> _Required work_: In the listing below, start your output at the line with "replace (k *" and end it after the line with "now rewrite omega_IZR_add_mul.", copying every line exactly.

> _Listed entries_:
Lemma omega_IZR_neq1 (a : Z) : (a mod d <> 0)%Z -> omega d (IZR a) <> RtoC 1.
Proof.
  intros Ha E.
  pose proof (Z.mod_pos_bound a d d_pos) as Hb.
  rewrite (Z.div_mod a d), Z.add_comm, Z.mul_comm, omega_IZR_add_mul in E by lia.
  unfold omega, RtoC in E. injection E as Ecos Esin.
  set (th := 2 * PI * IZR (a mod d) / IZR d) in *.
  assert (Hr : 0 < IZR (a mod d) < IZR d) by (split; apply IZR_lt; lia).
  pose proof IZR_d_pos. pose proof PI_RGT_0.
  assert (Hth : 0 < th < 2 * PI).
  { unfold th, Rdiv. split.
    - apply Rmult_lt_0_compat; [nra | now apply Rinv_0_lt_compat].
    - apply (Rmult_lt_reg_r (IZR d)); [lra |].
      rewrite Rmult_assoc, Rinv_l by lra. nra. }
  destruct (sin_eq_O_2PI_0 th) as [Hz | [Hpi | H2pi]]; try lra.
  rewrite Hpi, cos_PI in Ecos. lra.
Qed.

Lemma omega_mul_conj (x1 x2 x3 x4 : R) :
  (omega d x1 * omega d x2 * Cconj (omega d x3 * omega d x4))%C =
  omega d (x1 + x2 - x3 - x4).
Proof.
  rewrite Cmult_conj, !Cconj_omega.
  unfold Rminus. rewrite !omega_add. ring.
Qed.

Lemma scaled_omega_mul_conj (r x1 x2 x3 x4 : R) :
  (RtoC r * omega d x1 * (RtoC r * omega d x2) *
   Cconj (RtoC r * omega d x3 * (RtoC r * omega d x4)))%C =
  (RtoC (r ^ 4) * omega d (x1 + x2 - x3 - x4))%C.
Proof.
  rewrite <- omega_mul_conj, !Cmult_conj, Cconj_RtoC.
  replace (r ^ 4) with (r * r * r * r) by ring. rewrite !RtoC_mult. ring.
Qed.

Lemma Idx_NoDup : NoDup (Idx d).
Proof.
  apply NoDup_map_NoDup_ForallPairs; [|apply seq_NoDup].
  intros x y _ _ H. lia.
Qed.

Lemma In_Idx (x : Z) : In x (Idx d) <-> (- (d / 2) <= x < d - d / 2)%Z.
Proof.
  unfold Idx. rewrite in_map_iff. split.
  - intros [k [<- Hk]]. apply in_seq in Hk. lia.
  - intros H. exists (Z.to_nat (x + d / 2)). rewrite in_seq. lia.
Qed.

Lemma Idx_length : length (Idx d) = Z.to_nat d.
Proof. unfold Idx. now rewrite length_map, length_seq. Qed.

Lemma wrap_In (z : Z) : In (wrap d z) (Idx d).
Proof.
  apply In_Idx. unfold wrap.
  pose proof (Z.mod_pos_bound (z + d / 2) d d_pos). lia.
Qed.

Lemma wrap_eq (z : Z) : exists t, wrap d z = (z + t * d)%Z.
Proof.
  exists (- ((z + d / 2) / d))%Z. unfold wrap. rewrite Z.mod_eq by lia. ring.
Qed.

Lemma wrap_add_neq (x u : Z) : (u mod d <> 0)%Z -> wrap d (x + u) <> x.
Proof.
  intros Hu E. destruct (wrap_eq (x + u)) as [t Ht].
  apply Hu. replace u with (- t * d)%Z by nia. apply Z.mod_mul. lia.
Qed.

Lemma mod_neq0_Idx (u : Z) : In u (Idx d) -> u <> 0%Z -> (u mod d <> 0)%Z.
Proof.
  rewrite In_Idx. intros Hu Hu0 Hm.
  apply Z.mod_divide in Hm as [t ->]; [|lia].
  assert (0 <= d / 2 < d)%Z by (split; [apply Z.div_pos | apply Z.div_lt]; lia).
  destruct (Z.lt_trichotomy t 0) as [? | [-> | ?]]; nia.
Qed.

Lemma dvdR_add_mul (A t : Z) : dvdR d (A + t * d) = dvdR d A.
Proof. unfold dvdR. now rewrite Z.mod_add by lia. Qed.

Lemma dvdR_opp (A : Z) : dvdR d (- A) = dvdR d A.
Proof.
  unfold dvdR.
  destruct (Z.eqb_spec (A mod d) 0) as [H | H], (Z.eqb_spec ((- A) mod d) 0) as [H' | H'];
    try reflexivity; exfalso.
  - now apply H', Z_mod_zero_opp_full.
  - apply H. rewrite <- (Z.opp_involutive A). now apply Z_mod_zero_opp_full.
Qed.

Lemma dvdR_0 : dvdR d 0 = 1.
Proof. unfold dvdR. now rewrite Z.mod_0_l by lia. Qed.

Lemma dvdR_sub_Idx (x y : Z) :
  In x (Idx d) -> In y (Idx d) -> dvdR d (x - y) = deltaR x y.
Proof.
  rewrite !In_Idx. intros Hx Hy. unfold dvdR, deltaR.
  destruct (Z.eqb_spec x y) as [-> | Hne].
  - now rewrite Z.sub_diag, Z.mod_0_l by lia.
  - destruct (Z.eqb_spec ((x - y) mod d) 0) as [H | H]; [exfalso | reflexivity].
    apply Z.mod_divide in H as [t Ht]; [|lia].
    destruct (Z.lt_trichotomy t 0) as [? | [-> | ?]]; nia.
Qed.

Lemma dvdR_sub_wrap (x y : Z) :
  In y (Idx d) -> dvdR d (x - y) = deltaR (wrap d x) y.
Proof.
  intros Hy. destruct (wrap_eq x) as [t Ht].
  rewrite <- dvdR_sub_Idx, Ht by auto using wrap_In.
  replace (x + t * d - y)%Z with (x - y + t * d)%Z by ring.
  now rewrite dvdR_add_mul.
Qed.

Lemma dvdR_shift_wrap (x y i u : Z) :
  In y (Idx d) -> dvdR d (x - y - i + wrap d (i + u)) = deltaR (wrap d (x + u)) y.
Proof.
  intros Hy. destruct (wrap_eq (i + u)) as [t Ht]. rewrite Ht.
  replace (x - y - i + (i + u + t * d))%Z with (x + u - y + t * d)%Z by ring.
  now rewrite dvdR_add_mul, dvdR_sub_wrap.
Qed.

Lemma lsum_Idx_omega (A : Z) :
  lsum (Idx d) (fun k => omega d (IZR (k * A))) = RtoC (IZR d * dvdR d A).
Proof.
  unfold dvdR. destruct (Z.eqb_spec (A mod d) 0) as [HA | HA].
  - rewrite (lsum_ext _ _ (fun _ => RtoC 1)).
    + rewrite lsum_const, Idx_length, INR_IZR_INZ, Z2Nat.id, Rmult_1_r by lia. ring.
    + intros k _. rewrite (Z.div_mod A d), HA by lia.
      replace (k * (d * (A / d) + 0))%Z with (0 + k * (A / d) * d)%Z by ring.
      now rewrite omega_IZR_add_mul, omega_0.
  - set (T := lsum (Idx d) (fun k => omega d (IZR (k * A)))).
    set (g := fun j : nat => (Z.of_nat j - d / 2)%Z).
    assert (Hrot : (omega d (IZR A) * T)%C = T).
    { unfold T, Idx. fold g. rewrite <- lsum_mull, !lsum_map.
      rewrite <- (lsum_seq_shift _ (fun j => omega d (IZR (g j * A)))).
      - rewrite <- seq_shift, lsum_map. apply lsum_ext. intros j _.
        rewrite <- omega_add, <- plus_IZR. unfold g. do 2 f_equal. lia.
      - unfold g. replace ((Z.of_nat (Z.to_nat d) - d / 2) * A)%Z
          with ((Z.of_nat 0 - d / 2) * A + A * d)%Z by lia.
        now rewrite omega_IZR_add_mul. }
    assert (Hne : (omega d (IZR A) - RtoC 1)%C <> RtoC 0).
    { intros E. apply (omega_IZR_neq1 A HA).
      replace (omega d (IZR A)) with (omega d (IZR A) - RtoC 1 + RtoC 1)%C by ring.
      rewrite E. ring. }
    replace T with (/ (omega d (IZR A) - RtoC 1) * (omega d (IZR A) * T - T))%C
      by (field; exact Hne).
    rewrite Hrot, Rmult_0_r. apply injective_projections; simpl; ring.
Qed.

> _Exercise output_:
      replace (k * (d * (A / d) + 0))%Z with (0 + k * (A / d) * d)%Z by ring.
      now rewrite omega_IZR_add_mul, omega_0.
  - set (T := lsum (Idx d) (fun k => omega d (IZR (k * A)))).
    set (g := fun j : nat => (Z.of_nat j - d / 2)%Z).
    assert (Hrot : (omega d (IZR A) * T)%C = T).
    { unfold T, Idx. fold g. rewrite <- lsum_mull, !lsum_map.
      rewrite <- (lsum_seq_shift _ (fun j => omega d (IZR (g j * A)))).
      - rewrite <- seq_shift, lsum_map. apply lsum_ext. intros j _.
        rewrite <- omega_add, <- plus_IZR. unfold g. do 2 f_equal. lia.
      - unfold g. replace ((Z.of_nat (Z.to_nat d) - d / 2) * A)%Z
          with ((Z.of_nat 0 - d / 2) * A + A * d)%Z by lia.
        now rewrite omega_IZR_add_mul. }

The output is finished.